Phonological CorpusTools
http://phonologicalcorpustools.github.io/CorpusTools/
GNU General Public License v3.0
111 stars 16 forks source link

[BUG] PCT crashes when phonotactic prob cannot be calculated with filters #777

Closed stannam closed 2 years ago

stannam commented 2 years ago

Describe the bug The phonotactic probability function can make PCT crash if

Sample corpus file example

To Reproduce Steps to reproduce the behavior:

  1. Go to 'analysis > phonotactic probability'
  2. Set 'minimum word frequency' to 300 (or any unreasonable value)
  3. In the 'Query' option, select 'Calculate for all words in the corpus'
  4. See error

Operating system and PCT version

kchall commented 2 years ago

Yep, can confirm this crashes on Mac as well; note that it's with any number higher than some word frequencies (e.g. in the example corpus, a frequency of 10 will still crash it). But it does work if it's set to be the same as the smallest actual token frequency, i.e., 2.

stannam commented 2 years ago
kchall commented 2 years ago

Hmm, can you double check that we didn't break phonotactic probability entirely by doing this? I just tried to re-create the example from the documentation (https://corpustools.readthedocs.io/en/latest/phonotactic_probability.html) but without the frequency filter, and PCT just crashed on me, without calculating anything (or giving me an error message).

stannam commented 2 years ago

You are right. I accidentally broke the function while removing the filter.😥 Thanks for noticing this. Now it is fixed. I confrimed that PP is calculated correctly (the attached excel file). Hand_calculating_PP_with_PP_example.xlsx

On a separate note, I cannot follow the documentation where it demonstrates calculating the probability for non-word “pidger” [pɪdʒɚ] in the example presented there. Currently, we only allow users to use segments already in the inventory when they create a non-word. Since neither [dʒ] nor [ɚ] is in the inventory [pɪdʒɚ] can't be created... I think we should change the documentation.

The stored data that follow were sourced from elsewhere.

(* Let $H$ be a group and $X=\{x_1,\dots,x_n\}$ a finite set of elements of $H$. Let $H\trianglerighteq N_1\trianglerighteq N_2\trianglerighteq\cdots$ be a central series of $H$ such that $[H,N_i]=N_{i+1}$ for all $i\ge1$. Suppose that for every $i\ge1$ the quotient $H/N_i$ is normally generated by $\{x_1N_i,\dots,x_nN_i\}$. Let $\Gamma=\varprojlim_i H/N_i$ and let $h:H\to\Gamma$ be the natural map. Then $\Gamma$ is normally generated by $\{h(x_1),\dots,h(x_n)\}$.
   Context: A group is normally generated by a subset if the smallest normal subgroup containing that subset is the whole group. *)

From Stdlib Require Import Arith.


Record Group := {
  carrier :> Type;
  gmul : carrier -> carrier -> carrier;
  ginv : carrier -> carrier;
  gone : carrier;
  gmul_assoc : forall a b c, gmul a (gmul b c) = gmul (gmul a b) c;
  gmul_1l : forall a, gmul gone a = a;
  gmul_1r : forall a, gmul a gone = a;
  gmul_Vl : forall a, gmul (ginv a) a = gone;
  gmul_Vr : forall a, gmul a (ginv a) = gone
}.

Arguments gmul {g} _ _.
Arguments ginv {g} _.
Arguments gone {g}.

Definition is_subgroup (H : Group) (K : H -> Prop) : Prop :=
  K gone /\ (forall a b, K a -> K b -> K (gmul a b)) /\ (forall a, K a -> K (ginv a)).

Definition is_normal_subgroup (H : Group) (K : H -> Prop) : Prop :=
  is_subgroup H K /\ (forall a g, K a -> K (gmul (ginv g) (gmul a g))).

Definition gen_subgroup (H : Group) (S : H -> Prop) : H -> Prop :=
  fun a => forall K : H -> Prop, is_subgroup H K -> (forall s, S s -> K s) -> K a.

Definition commg (H : Group) (a b : H) : H :=
  gmul (ginv a) (gmul (ginv b) (gmul a b)).

Definition comm_subgroup (H : Group) (N : H -> Prop) : H -> Prop :=
  gen_subgroup H (fun c => exists (a m : H), N m /\ c = commg H a m).

(* Normal generation for a group presented as a "setoid group": elements of
   type T lying in the domain [dom], identified modulo the equivalence [E],
   with operations [mul], [inv], unit [one]. *)
Definition setoid_normally_generated (T : Type) (dom : T -> Prop)
    (E : T -> T -> Prop) (mul : T -> T -> T) (inv : T -> T) (one : T)
    (S : T -> Prop) : Prop :=
  forall K : T -> Prop,
    (forall a b, dom a -> dom b -> E a b -> K a -> K b) ->
    K one ->
    (forall a b, dom a -> dom b -> K a -> K b -> K (mul a b)) ->
    (forall a, dom a -> K a -> K (inv a)) ->
    (forall a g, dom a -> dom g -> K a -> K (mul (inv g) (mul a g))) ->
    (forall s, dom s -> S s -> K s) ->
    forall a, dom a -> K a.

kchall commented 2 years ago

Thanks, @stannam! Can you double-check that you pushed the fix to GitHub? I'm not seeing any new activity, and it's still crashing on my end...

You're right that the example is a bit odd -- if you look closely, you'll see that the original example uses the IPHOD corpus instead of the example corpus (which is definitely unusual in our documentation!). I thought about changing it, but the example corpus is quite small and makes phonotactic probability examples difficult (which is presumably why we used the IPHOD in the first place)...so at this point, I'm inclined to leave it.

stannam commented 2 years ago

Sorry! It is now on the remote repo.

kchall commented 2 years ago

Thanks! Looks to be working now. :)